__WHAT YOU HAVE TO DO__: What you should output is the data below, unchanged in every character.

__SOURCE MATERIAL__:
(* Let $R$ be a ring with identity and $a,b,c\in R$. The following are equivalent: (i) $a$ is left $(b,c)$-invertible; (ii) $a^\circ\cap bR=\{0\}$, $abR\cap c^\circ=\{0\}$ and $R=Rca+{}^\circ b$; (iii) $a^\circ\cap bR=\{0\}$ and $R=Rca+{}^\circ b$; (iv) $abR\cap c^\circ=\{0\}$ and $R=Rca+{}^\circ b$; (v) $R=Rca+{}^\circ b$.
   Context: For $x\in R$: $xR=\{xr:r\in R\}$, $Rx=\{rx:r\in R\}$, $x^\circ=\{r: xr=0\}$, ${}^\circ x=\{r: rx=0\}$. The element $a$ is left $(b,c)$-invertible if there is $y\in R$ with $Ry\subseteq Rc$ and $yab=b$. *)

From mathcomp Require Import all_boot all_algebra.
Set Implicit Arguments. Unset Strict Implicit. Unset Printing Implicit Defensive.
Import GRing.Theory.
Local Open Scope ring_scope.

(* R is a (possibly trivial) ring with identity: pzRingType. *)

Definition left_ideal_sub (R : pzRingType) (x y : R) : Prop :=
  forall r : R, exists s : R, r * x = s * y.

Definition left_bc_invertible (R : pzRingType) (a b c : R) : Prop :=
  exists y : R, left_ideal_sub y c /\ y * a * b = b.

Definition rann_cap_bR_trivial (R : pzRingType) (a b : R) : Prop :=
  forall x : R, a * x = 0 -> (exists r : R, x = b * r) -> x = 0.

Definition abR_cap_rann_trivial (R : pzRingType) (a b c : R) : Prop :=
  forall x : R, (exists r : R, x = a * b * r) -> c * x = 0 -> x = 0.

Definition R_eq_Rca_add_lann (R : pzRingType) (a b c : R) : Prop :=
  forall x : R, exists r z : R, z * b = 0 /\ x = r * (c * a) + z.

From mathcomp Require Import all_boot all_algebra.
Set Implicit Arguments. Unset Strict Implicit. Unset Printing Implicit Defensive.
Import GRing.Theory.
Local Open Scope ring_scope.

(* Every condition reduces to the existence of r with r c a b = b: writing
   1 = r c a + z with z b = 0 gives it, and conversely any x splits as
   x r c a + x (1 - r c a).  Such an r makes left multiplication by c a
   injective on bR, which yields both annihilator conditions. *)

Section LeftBCInvertible.
Variables (R : pzRingType) (a b c : R).

Definition cab_left_unital := exists r : R, r * c * a * b = b.

Lemma R_eq_Rca_add_lannP : R_eq_Rca_add_lann a b c <-> cab_left_unital.
Proof.
split=> [dec1 | [r rcab] x].
  have [r [z [zb e1]]] := dec1 1; exists r.
  by rewrite -(mulrA r c a) -[b in RHS]mul1r e1 mulrDl zb addr0.
exists (x * r), (x - x * (r * (c * a))); split; last by rewrite -mulrA addrC subrK.
have rcab_assoc : r * (c * a) * b = b by rewrite !mulrA.
by rewrite mulrBl -mulrA rcab_assoc subrr.
Qed.

Lemma left_bc_invertibleP : left_bc_invertible a b c <-> cab_left_unital.
Proof.
split=> [[y [yRc yab]] | [r rcab]].
  by have [r ry] := yRc 1; exists r; rewrite -ry mul1r.
exists (r * c); split=> // t; exists (t * r); exact: mulrA.
Qed.

Lemma cab_left_unital_cancel t :
  cab_left_unital -> c * (a * (b * t)) = 0 -> b * t = 0.
Proof.
by move=> [r rcab] cabt; rewrite -rcab -!mulrA cabt !mulr0.
Qed.

Lemma cab_left_unital_rann_cap_bR : cab_left_unital -> rann_cap_bR_trivial a b.
Proof.
by move=> unital x ax [t xbt]; rewrite xbt (cab_left_unital_cancel unital) // -xbt ax mulr0.
Qed.

Lemma cab_left_unital_abR_cap_rann :
  cab_left_unital -> abR_cap_rann_trivial a b c.
Proof.
move=> unital _ [t ->]; rewrite -!mulrA => cabt.
by rewrite (cab_left_unital_cancel unital cabt) mulr0.
Qed.

End LeftBCInvertible.

Theorem theorem2p13 (R : pzRingType) (a b c : R) :
  let i   := left_bc_invertible a b c in
  let ii  := [/\ rann_cap_bR_trivial a b, abR_cap_rann_trivial a b c
                 & R_eq_Rca_add_lann a b c] in
  let iii := rann_cap_bR_trivial a b /\ R_eq_Rca_add_lann a b c in
  let iv  := abR_cap_rann_trivial a b c /\ R_eq_Rca_add_lann a b c in
  let v   := R_eq_Rca_add_lann a b c in
  [/\ (i <-> ii), (ii <-> iii), (iii <-> iv) & (iv <-> v)].
Proof.
move=> i ii iii iv v; rewrite {}/i {}/ii {}/iii {}/iv {}/v.
have [i_unital unital_i] := left_bc_invertibleP a b c.
have [v_unital unital_v] := R_eq_Rca_add_lannP a b c.
have rann := @cab_left_unital_rann_cap_bR R a b c.
have abR := @cab_left_unital_abR_cap_rann R a b c.
split; split.
- by move=> /i_unital u; split; [exact: rann | exact: abR | exact: unital_v].
- by case=> _ _ /v_unital /unital_i.
- by case.
- by case=> ann dec; split=> //; exact/abR/v_unital.
- by case=> _ dec; split=> //; exact/abR/v_unital.
- by case=> _ dec; split=> //; exact/rann/v_unital.
- by case.
- by move=> dec; split=> //; exact/abR/v_unital.
Qed.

__TASK ANSWER__:
(* Let $R$ be a ring with identity and $a,b,c\in R$. The following are equivalent: (i) $a$ is left $(b,c)$-invertible; (ii) $a^\circ\cap bR=\{0\}$, $abR\cap c^\circ=\{0\}$ and $R=Rca+{}^\circ b$; (iii) $a^\circ\cap bR=\{0\}$ and $R=Rca+{}^\circ b$; (iv) $abR\cap c^\circ=\{0\}$ and $R=Rca+{}^\circ b$; (v) $R=Rca+{}^\circ b$.
   Context: For $x\in R$: $xR=\{xr:r\in R\}$, $Rx=\{rx:r\in R\}$, $x^\circ=\{r: xr=0\}$, ${}^\circ x=\{r: rx=0\}$. The element $a$ is left $(b,c)$-invertible if there is $y\in R$ with $Ry\subseteq Rc$ and $yab=b$. *)

From mathcomp Require Import all_boot all_algebra.
Set Implicit Arguments. Unset Strict Implicit. Unset Printing Implicit Defensive.
Import GRing.Theory.
Local Open Scope ring_scope.

(* R is a (possibly trivial) ring with identity: pzRingType. *)

Definition left_ideal_sub (R : pzRingType) (x y : R) : Prop :=
  forall r : R, exists s : R, r * x = s * y.

Definition left_bc_invertible (R : pzRingType) (a b c : R) : Prop :=
  exists y : R, left_ideal_sub y c /\ y * a * b = b.

Definition rann_cap_bR_trivial (R : pzRingType) (a b : R) : Prop :=
  forall x : R, a * x = 0 -> (exists r : R, x = b * r) -> x = 0.

Definition abR_cap_rann_trivial (R : pzRingType) (a b c : R) : Prop :=
  forall x : R, (exists r : R, x = a * b * r) -> c * x = 0 -> x = 0.

Definition R_eq_Rca_add_lann (R : pzRingType) (a b c : R) : Prop :=
  forall x : R, exists r z : R, z * b = 0 /\ x = r * (c * a) + z.

From mathcomp Require Import all_boot all_algebra.
Set Implicit Arguments. Unset Strict Implicit. Unset Printing Implicit Defensive.
Import GRing.Theory.
Local Open Scope ring_scope.

(* Every condition reduces to the existence of r with r c a b = b: writing
   1 = r c a + z with z b = 0 gives it, and conversely any x splits as
   x r c a + x (1 - r c a).  Such an r makes left multiplication by c a
   injective on bR, which yields both annihilator conditions. *)

Section LeftBCInvertible.
Variables (R : pzRingType) (a b c : R).

Definition cab_left_unital := exists r : R, r * c * a * b = b.

Lemma R_eq_Rca_add_lannP : R_eq_Rca_add_lann a b c <-> cab_left_unital.
Proof.
split=> [dec1 | [r rcab] x].
  have [r [z [zb e1]]] := dec1 1; exists r.
  by rewrite -(mulrA r c a) -[b in RHS]mul1r e1 mulrDl zb addr0.
exists (x * r), (x - x * (r * (c * a))); split; last by rewrite -mulrA addrC subrK.
have rcab_assoc : r * (c * a) * b = b by rewrite !mulrA.
by rewrite mulrBl -mulrA rcab_assoc subrr.
Qed.

Lemma left_bc_invertibleP : left_bc_invertible a b c <-> cab_left_unital.
Proof.
split=> [[y [yRc yab]] | [r rcab]].
  by have [r ry] := yRc 1; exists r; rewrite -ry mul1r.
exists (r * c); split=> // t; exists (t * r); exact: mulrA.
Qed.

Lemma cab_left_unital_cancel t :
  cab_left_unital -> c * (a * (b * t)) = 0 -> b * t = 0.
Proof.
by move=> [r rcab] cabt; rewrite -rcab -!mulrA cabt !mulr0.
Qed.

Lemma cab_left_unital_rann_cap_bR : cab_left_unital -> rann_cap_bR_trivial a b.
Proof.
by move=> unital x ax [t xbt]; rewrite xbt (cab_left_unital_cancel unital) // -xbt ax mulr0.
Qed.

Lemma cab_left_unital_abR_cap_rann :
  cab_left_unital -> abR_cap_rann_trivial a b c.
Proof.
move=> unital _ [t ->]; rewrite -!mulrA => cabt.
by rewrite (cab_left_unital_cancel unital cabt) mulr0.
Qed.

End LeftBCInvertible.

Theorem theorem2p13 (R : pzRingType) (a b c : R) :
  let i   := left_bc_invertible a b c in
  let ii  := [/\ rann_cap_bR_trivial a b, abR_cap_rann_trivial a b c
                 & R_eq_Rca_add_lann a b c] in
  let iii := rann_cap_bR_trivial a b /\ R_eq_Rca_add_lann a b c in
  let iv  := abR_cap_rann_trivial a b c /\ R_eq_Rca_add_lann a b c in
  let v   := R_eq_Rca_add_lann a b c in
  [/\ (i <-> ii), (ii <-> iii), (iii <-> iv) & (iv <-> v)].
Proof.
move=> i ii iii iv v; rewrite {}/i {}/ii {}/iii {}/iv {}/v.
have [i_unital unital_i] := left_bc_invertibleP a b c.
have [v_unital unital_v] := R_eq_Rca_add_lannP a b c.
have rann := @cab_left_unital_rann_cap_bR R a b c.
have abR := @cab_left_unital_abR_cap_rann R a b c.
split; split.
- by move=> /i_unital u; split; [exact: rann | exact: abR | exact: unital_v].
- by case=> _ _ /v_unital /unital_i.
- by case.
- by case=> ann dec; split=> //; exact/abR/v_unital.
- by case=> _ dec; split=> //; exact/abR/v_unital.
- by case=> _ dec; split=> //; exact/rann/v_unital.
- by case.
- by move=> dec; split=> //; exact/abR/v_unital.
Qed.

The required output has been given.